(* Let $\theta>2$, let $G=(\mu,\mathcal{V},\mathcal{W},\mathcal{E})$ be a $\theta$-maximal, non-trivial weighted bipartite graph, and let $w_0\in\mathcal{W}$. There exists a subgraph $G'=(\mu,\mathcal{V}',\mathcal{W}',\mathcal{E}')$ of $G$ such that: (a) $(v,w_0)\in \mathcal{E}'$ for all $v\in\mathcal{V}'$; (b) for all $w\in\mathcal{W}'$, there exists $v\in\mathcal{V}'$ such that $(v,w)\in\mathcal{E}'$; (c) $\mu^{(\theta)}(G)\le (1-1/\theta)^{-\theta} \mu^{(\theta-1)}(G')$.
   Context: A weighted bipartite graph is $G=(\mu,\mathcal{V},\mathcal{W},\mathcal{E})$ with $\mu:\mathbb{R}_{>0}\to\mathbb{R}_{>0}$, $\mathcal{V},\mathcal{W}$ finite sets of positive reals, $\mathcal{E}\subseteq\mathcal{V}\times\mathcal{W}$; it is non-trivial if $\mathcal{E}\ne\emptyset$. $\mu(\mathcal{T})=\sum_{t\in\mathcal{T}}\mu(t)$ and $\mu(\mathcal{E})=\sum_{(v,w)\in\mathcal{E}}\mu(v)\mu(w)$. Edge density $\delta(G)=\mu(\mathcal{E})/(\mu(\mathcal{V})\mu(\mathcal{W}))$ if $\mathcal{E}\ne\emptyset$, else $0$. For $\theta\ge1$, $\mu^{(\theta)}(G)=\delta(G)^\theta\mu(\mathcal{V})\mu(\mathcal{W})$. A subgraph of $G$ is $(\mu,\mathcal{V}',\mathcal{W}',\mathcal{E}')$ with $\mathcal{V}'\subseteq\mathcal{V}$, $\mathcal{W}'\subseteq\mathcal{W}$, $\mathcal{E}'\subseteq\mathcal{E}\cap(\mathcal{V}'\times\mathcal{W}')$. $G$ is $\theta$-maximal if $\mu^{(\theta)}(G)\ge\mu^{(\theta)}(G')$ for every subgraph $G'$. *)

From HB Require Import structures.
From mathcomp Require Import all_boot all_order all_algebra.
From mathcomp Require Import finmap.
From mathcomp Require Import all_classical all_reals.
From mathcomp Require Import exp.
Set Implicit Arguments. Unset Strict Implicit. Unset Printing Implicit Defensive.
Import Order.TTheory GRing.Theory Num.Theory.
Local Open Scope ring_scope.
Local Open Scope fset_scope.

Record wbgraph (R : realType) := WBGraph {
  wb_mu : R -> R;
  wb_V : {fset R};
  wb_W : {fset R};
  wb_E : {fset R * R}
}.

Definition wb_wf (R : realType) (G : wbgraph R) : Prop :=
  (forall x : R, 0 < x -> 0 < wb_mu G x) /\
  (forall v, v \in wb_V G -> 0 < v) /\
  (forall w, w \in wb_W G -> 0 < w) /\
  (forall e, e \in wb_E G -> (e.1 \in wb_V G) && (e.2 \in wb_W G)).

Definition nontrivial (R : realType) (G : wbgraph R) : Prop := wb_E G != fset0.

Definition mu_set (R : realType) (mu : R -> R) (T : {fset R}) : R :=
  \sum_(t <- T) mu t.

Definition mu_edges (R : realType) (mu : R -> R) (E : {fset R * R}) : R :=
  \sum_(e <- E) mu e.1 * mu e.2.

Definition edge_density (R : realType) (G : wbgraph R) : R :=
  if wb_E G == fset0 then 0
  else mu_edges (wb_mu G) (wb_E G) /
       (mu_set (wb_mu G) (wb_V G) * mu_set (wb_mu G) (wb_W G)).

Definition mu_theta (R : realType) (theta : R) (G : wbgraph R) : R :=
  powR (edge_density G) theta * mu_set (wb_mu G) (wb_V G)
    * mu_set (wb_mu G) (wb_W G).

### Task goal:
Search the material above for the word "Definition", then copy each line that holds it.

### Written answer:
Definition wb_wf (R : realType) (G : wbgraph R) : Prop :=
Definition nontrivial (R : realType) (G : wbgraph R) : Prop := wb_E G != fset0.
Definition mu_set (R : realType) (mu : R -> R) (T : {fset R}) : R :=
Definition mu_edges (R : realType) (mu : R -> R) (E : {fset R * R}) : R :=
Definition edge_density (R : realType) (G : wbgraph R) : R :=
Definition mu_theta (R : realType) (theta : R) (G : wbgraph R) : R :=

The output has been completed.